We conclude that, in this case, the principles of preservation did not require more of defendant. Here, the trial court summarily announced that it was “going to waive closing argument” and began stating its findings, and it did so only moments after it had denied the prosecution the right to cross-examine a defense witness. Defendant attempted to present argument concerning her view of the facts, and that attempt was cut off. Defendant's argument made it clear that she wanted to be able to present her view of the evidence. To be sure, defendant did not expressly tell the trial court that she wished to present a closing argument and that she had a right to do so. Under the circumstances, though, defendant had no real opportunity to make further objection. That is so because the trial court simultaneously raised the issue of closing argument and denied any opportunity for closing arguments, without allowing the parties an opportunity for objection.

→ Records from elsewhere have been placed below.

Lemma bregman_ge0 x y : 0 <= bregman f g x y.
Proof.
set u := x - y; set S := normsq u.
rewrite /bregman subr_ge0; apply: (ler_of_forall_lerD (c := L * S)).
  by rewrite mulr_ge0 ?normsq_ge0 ?ltW.
move=> t /andP [t0 t1].
have [c /andP [c0 ct] hc] := line_mvt smooth.1 y u (dotv (g y) u) 0 t0.
have := dotv_grad_line_le y u c0; rewrite -/S dotvBl ler_norml => /andP [hge _].
have := convf x y (t := t); rewrite t1 ltW // => /(_ isT).
have -> : t *: x + (1 - t) *: y = t *: u + y.
  by rewrite /u scalerBr scalerBl scale1r addrA addrAC.
move: hc; rewrite !mul0r !subr0 => hc hcv.
have hcL : L * c * S <= L * t * S by rewrite ler_wpM2r ?normsq_ge0 // ler_pM2l // ltW.
have : t * dotv (g y) u <= t * (f x - f y + t * (L * S)) by nra.
by rewrite ler_pM2l // => h; lra.
Qed.

(* Apply the descent lemma at [x - L^-1 (g x - g y)] and nonnegativity of the
   Bregman divergence at [y]. *)
Lemma normsq_grad_sub_le_bregman x y :
  normsq (g x - g y) <= 2 * L * bregman f g x y.
Proof.
set w := g x - g y; set p := x - L^-1 *: w.
have h1 := bregman_ge0 p y; have h2 := bregman_le_smooth p x.
have e1 : p - y = (x - y) - L^-1 *: w by rewrite /p addrAC.
have e2 : p - x = - (L^-1 *: w) by rewrite /p addrAC subrr add0r.
rewrite /bregman e2 normsqN normsqZ dotvNr dotvZr in h2.
rewrite /bregman e1 dotvBr dotvZr in h1.
have ew : normsq w = dotv (g x) w - dotv (g y) w by rewrite /normsq {1}/w dotvBl.
have eL : L / 2 * (L^-1 ^+ 2 * normsq w) = L^-1 * normsq w / 2.
  by field; rewrite gt_eqF.
rewrite eL ew mulrBr in h2.
have key : L^-1 * normsq w / 2 <= bregman f g x y.
  rewrite ew mulrBr /bregman.
  set a := L^-1 * dotv (g x) w in h2 *; set b := L^-1 * dotv (g y) w in h1 h2 *.
  lra.
have -> : normsq w = 2 * L * (L^-1 * normsq w / 2) by field; rewrite gt_eqF.
by rewrite ler_wpM2l // mulr_ge0 // ltW.
Qed.

End Smooth.

Lemma ler_psum_cond (R : numDomainType) (I : Type) (r : seq I) (P : pred I) (F : I -> R) :
  (forall i, 0 <= F i) -> \sum_(i <- r | P i) F i <= \sum_(i <- r) F i.
Proof. by move=> F0; rewrite [leRHS](bigID P) /= lerDl sumr_ge0. Qed.

Lemma sqrD_le_weighted (R : realFieldType) (B C Q b c : R) :
  0 < c -> 0 <= C -> 0 <= Q -> B ^+ 2 <= C * Q ->
  (b + B) ^+ 2 <= (c + C) * (b ^+ 2 / c + Q).
Proof.
move=> c0 C0 Q0 hBCQ; set q := b / c.
have -> : b = c * q by rewrite /q mulrC divfK // gt_eqF.
have -> : (c * q) ^+ 2 / c = c * q ^+ 2 by field; rewrite gt_eqF.
suff key : 0 <= Q + C * q ^+ 2 - 2 * q * B by nra.
have [C00|Cn0] := eqVneq C 0.
  rewrite C00 mul0r in hBCQ; have -> : B = 0 by nra.
  by rewrite C00; lra.
have Cp : 0 < C by rewrite lt_def Cn0.
rewrite -(pmulr_rge0 _ Cp); have := sqr_ge0 (B - C * q); nra.
Qed.

Lemma sqr_sum_le_weighted (R : realFieldType) (I : Type) (r : seq I) (P : pred I)
    (c b : I -> R) :
  (forall j, P j -> 0 < c j) ->
  (\sum_(j <- r | P j) b j) ^+ 2 <=
    (\sum_(j <- r | P j) c j) * \sum_(j <- r | P j) (b j ^+ 2 / c j).
Proof.
move=> c0; elim: r => [|j r IH]; first by rewrite !big_nil expr0n mul0r.
rewrite !big_cons; case: ifP => // Pj.
apply: sqrD_le_weighted => //; first exact: c0.
  by apply: sumr_ge0 => i Pi; exact/ltW/c0.
by apply: sumr_ge0 => i Pi; rewrite divr_ge0 ?sqr_ge0 // ltW // c0.
Qed.

Section VectorSums.
Variables (R : realType) (d : nat).
Notation vec := 'rV[R]_d.

Lemma normsq_sum_le_weighted (I : Type) (r : seq I) (P : pred I) (c : I -> R)
    (w : I -> vec) :
  (forall j, P j -> 0 < c j) ->
  normsq (\sum_(j <- r | P j) w j) <=
    (\sum_(j <- r | P j) c j) * \sum_(j <- r | P j) (normsq (w j) / c j).
Proof.
move=> c0; rewrite /normsq /dotv.
under eq_bigr => m _ do rewrite summxE -expr2.
under [X in _ <= _ * X]eq_bigr => j _ do rewrite mulr_suml.
rewrite exchange_big /= mulr_sumr; apply: ler_sum => m _.
under [X in _ <= _ * X]eq_bigr => j _ do rewrite -expr2.
exact: sqr_sum_le_weighted.
Qed.

Lemma normsq_sum_cond_le (I : Type) (r : seq I) (P : pred I) (l c : I -> R)
    (w : I -> vec) :
  (forall j, 0 < l j) -> (forall j, normsq (w j) <= l j * c j) ->
  normsq (\sum_(j <- r | P j) w j) <= (\sum_(j <- r) l j) * \sum_(j <- r) c j.
Proof.
move=> l0 hw; have wl j : normsq (w j) / l j <= c j by rewrite ler_pdivrMr // mulrC.
have wl0 j : 0 <= normsq (w j) / l j by rewrite divr_ge0 ?normsq_ge0 ?ltW.
apply: le_trans (normsq_sum_le_weighted r w (fun j (_ : P j) => l0 j)) _.
apply: ler_pM.
- by apply: sumr_ge0 => j _; exact/ltW.
- exact: sumr_ge0.
- by apply: ler_psum_cond => j; exact/ltW.
- by apply: le_trans (ler_psum_cond _ _ wl0) _; apply: ler_sum.
Qed.

End VectorSums.

Lemma sum_ord_ltS (V : nmodType) n (F : 'I_n -> V) (i : 'I_n) :
  \sum_(j < n | (j < i.+1)%N) F j = \sum_(j < n | (j < i)%N) F j + F i.
Proof.
rewrite (bigD1 i) ?ltnSn //= addrC; congr (_ + _).
by apply: eq_bigl => j; rewrite ltnS -val_eqE /=; case: ltngtP.
Qed.

Lemma inner_iter_sum (R : realType) (d n : nat) (g : 'I_n -> 'rV[R]_d -> 'rV[R]_d)
    (s : {perm 'I_n}) (eta : R) (x0 : 'rV[R]_d) (i : nat) : (i <= n)%N ->
  x0 - inner_iter g s eta x0 i =
    eta *: \sum_(j < n | (j < i)%N) g (s j) (inner_iter g s eta x0 j).
Proof.
elim: i => [_|i IH hi].
  by rewrite subrr big_pred0 ?scaler0.
have -> : inner_iter g s eta x0 i.+1 =
    inner_iter g s eta x0 i - eta *: g (s (Ordinal hi)) (inner_iter g s eta x0 i).
  rewrite [LHS]/= /perm_at (@insubT _ _ 'I_n i hi).
  reflexivity.
rewrite (sum_ord_ltS (fun j => g (s j) (inner_iter g s eta x0 j)) (Ordinal hi)).
rewrite scalerDr -IH; last exact: ltnW.
by rewrite opprB addrA addrAC.
Qed.

Lemma bregman_avg (R : realType) (n d : nat) (f : 'I_n -> 'rV[R]_d -> R)
    (g : 'I_n -> 'rV[R]_d -> 'rV[R]_d) (x y : 'rV[R]_d) :
  bregman (fun v => n%:R^-1 * \sum_(i < n) f i v) (fun v => n%:R^-1 *: \sum_(i < n) g i v) x y
  = n%:R^-1 * \sum_(i < n) bregman (f i) (g i) x y.
Proof. by rewrite /bregman dotvZl dotv_suml !sumrB; ring. Qed.

Lemma avg_le_bigmax (R : realFieldType) n (F : 'I_n -> R) : (0 < n)%N ->
  n%:R^-1 * \sum_(i < n) F i <= \big[Num.max/0]_(i < n) F i.
Proof.
move=> n0; rewrite ler_pdivrMl ?ltr0n // mulr_natl -[n in _ *+ n]card_ord -sumr_const.
by apply: ler_sum => i _; exact: le_bigmax.
Qed.

Lemma stepsize_sqr_le (R : realType) (N Lb Ls eta : R) :
  0 < N -> 0 < eta -> 0 <= Lb <= Ls ->
  eta <= (2 * N * Num.sqrt (Lb * Ls))^-1 -> 4 * eta ^+ 2 * (N * Lb) ^+ 2 <= 1.
Proof.
move=> N0 eta0 /andP [Lb0 LbLs] heta.
have LL0 : 0 <= Lb * Ls by rewrite mulr_ge0 // (le_trans Lb0 LbLs).
set r := Num.sqrt (Lb * Ls) in heta.
have r2 : r ^+ 2 = Lb * Ls by rewrite sqr_sqrtr.
have r0 : 0 < r.
  rewrite lt_def sqrtr_ge0 andbT; apply: contraTneq heta => ->.
  by rewrite mulr0 invr0 -ltNge.
have D0 : 0 < 2 * N * r by rewrite !mulr_gt0.
rewrite -(ler_pM2r D0) mulVf ?gt_eqF // in heta.
have h1 : (eta * (2 * N * r)) ^+ 2 <= 1 by rewrite expr_le1 // mulr_ge0 ?ltW.
have h2 : Lb ^+ 2 <= Lb * Ls by rewrite expr2; exact: ler_wpM2l.
rewrite (_ : _ ^+ 2 = 4 * eta ^+ 2 * N ^+ 2 * (Lb * Ls)) in h1; last first.
  by rewrite -r2; ring.
apply: le_trans h1.
have c0 : 0 <= 4 * eta ^+ 2 * N ^+ 2 by rewrite !mulr_ge0 // ltW.
have h3 := ler_wpM2l c0 h2; rewrite !mulrA in h3.
by rewrite exprMn !mulrA.
Qed.

Section Epoch.
Variables (R : realType) (n d : nat).
Notation vec := 'rV[R]_d.
Variables (f : 'I_n -> vec -> R) (g : 'I_n -> vec -> vec) (L : 'I_n -> R).
Hypotheses (L0 : forall i, 0 < L i) (smooth : forall i, smooth_with (f i) (g i) (L i))
  (convf : forall i, convex_fun (f i)).
Variables (s : {perm 'I_n}) (eta : R) (x0 x1 z xstar : vec).

Local Notation Bs i := (bregman (f (s i)) (g (s i))).
Local Notation y := (inner_iter g s eta x0).
Local Notation SL := (\sum_(i < n) L i).
Local Notation W i := (\sum_(j < n | (j < i)%N) g (s j) xstar).

Lemma sum_L_perm : \sum_(i < n) L (s i) = SL.
Proof. by rewrite [RHS](reindex_inj (@perm_inj _ s)). Qed.

Lemma normsq_sum_grad_sub_le (P : pred 'I_n) (a b : 'I_n -> vec) :
  normsq (\sum_(j < n | P j) (g (s j) (a j) - g (s j) (b j)))
  <= 2 * SL * \sum_(j < n) Bs j (a j) (b j).
Proof.
rewrite -sum_L_perm -mulrA mulrCA mulr_sumr.
apply: normsq_sum_cond_le => [j|j]; first exact: L0.
by rewrite mulrA [_ * 2]mulrC; apply: normsq_grad_sub_le_bregman.
Qed.

Lemma normsq_drift_le (i : 'I_n) :
  normsq (x0 - y i) <= eta ^+ 2 *
    (4 * SL * \sum_(j < n) Bs j z (y j) + 8 * SL * \sum_(j < n) Bs j z xstar
     + 4 * normsq (W i)).
Proof.
set U := \sum_(j < n | (j < i)%N) (g (s j) z - g (s j) (y j)).
set V := \sum_(j < n | (j < i)%N) (g (s j) z - g (s j) xstar).
rewrite inner_iter_sum 1?ltnW //.
have -> : \sum_(j < n | (j < i)%N) g (s j) (y j) = - U + V + W i.
  rewrite -sumrN -!big_split; apply: eq_bigr => j _ /=.
  by rewrite opprB addrA !subrK.
rewrite normsqZ ler_wpM2l ?sqr_ge0 //.
have := normsqD3_le (- U) V (W i); rewrite normsqN.
have := normsq_sum_grad_sub_le (fun j => (j < i)%N) (fun=> z) y.
have := normsq_sum_grad_sub_le (fun j => (j < i)%N) (fun=> z) (fun=> xstar).
rewrite -/U -/V; lra.
Qed.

For that reason, this case is distinguishable from previous cases in which we required a party who wishes to present a closing argument to speak up when asked. See State v. Green, 49 Or.App. 949, 951, 621 P.2d 67 (1980) (concluding that the defendant failed to preserve error where, after the state presented its case in rebuttal, the trial court asked if there was “[a]nything more”; the prosecutor and defense counsel both answered no, and the trial court proceeded, without objection, to make its ruling); State ex rel. Vandenberg v. Vandenberg, 48 Or.App. 609, 611 n. 2, 617 P.2d 675 (1980), rev. den., 290 Or. 449, appeal dismissed, 454 U.S. 805, 102 S.Ct. 77, 70 L.Ed.2d 74 (1981) (concluding that the defendant failed to preserve error concerning the trial court's failure to allow closing argument where the court asked whether there would be anything further, defense counsel answered in the negative, and the court then ruled; “Whatever misunderstanding this may evidence, defense counsel made no objection at the time.”). This case also differs from the factual scenarios presented by the federal cases that the state contends are persuasive. In none of those cases did a trial court say that it was waiving closing argument and then immediately announce its decision. See, e.g., United States v. Martinez, 974 F.2d 589, 591–92 (5th Cir.1992) (because the trial court did not immediately announce its ruling but instead took a recess, counsel had an opportunity to gather his thoughts and to react to the court's announcement that it would not hear oral argument); United States v. Stenzel, 49 F.3d 658, 661–62 (10th Cir.1995), cert. den., 516 U.S. 840, 116 S.Ct. 123, 133 L.Ed.2d 73 (1995) (defense counsel waived closing argument when she interrupted the trial court with motions after the court had started announcing its decision, the trial court had not denied argument, and then counsel admittedly chose not to assert a right to closing argument).

Here, when the trial court unequivocally ruled that it would not entertain closing argument and announced its decision, any additional effort to request or offer a closing argument would have been futile. We conclude that defendant was not required to do anything further to preserve her objection to the denial of closing argument. And with the denial of closing argument, defendant had no ability to present the facts in the best light and to attempt to dissuade the trial court from rejecting testimony favorable to defendant, as the trial court indicated it would do based on credibility when it disallowed closing argument. Accordingly, the “trial itself was affected in this case because the court denied one of its required elements[,]” Lovins, 177 Or.App. at 538, 33 P.3d 1060, and that denial substantially affected defendant's rights.

Reversed and remanded.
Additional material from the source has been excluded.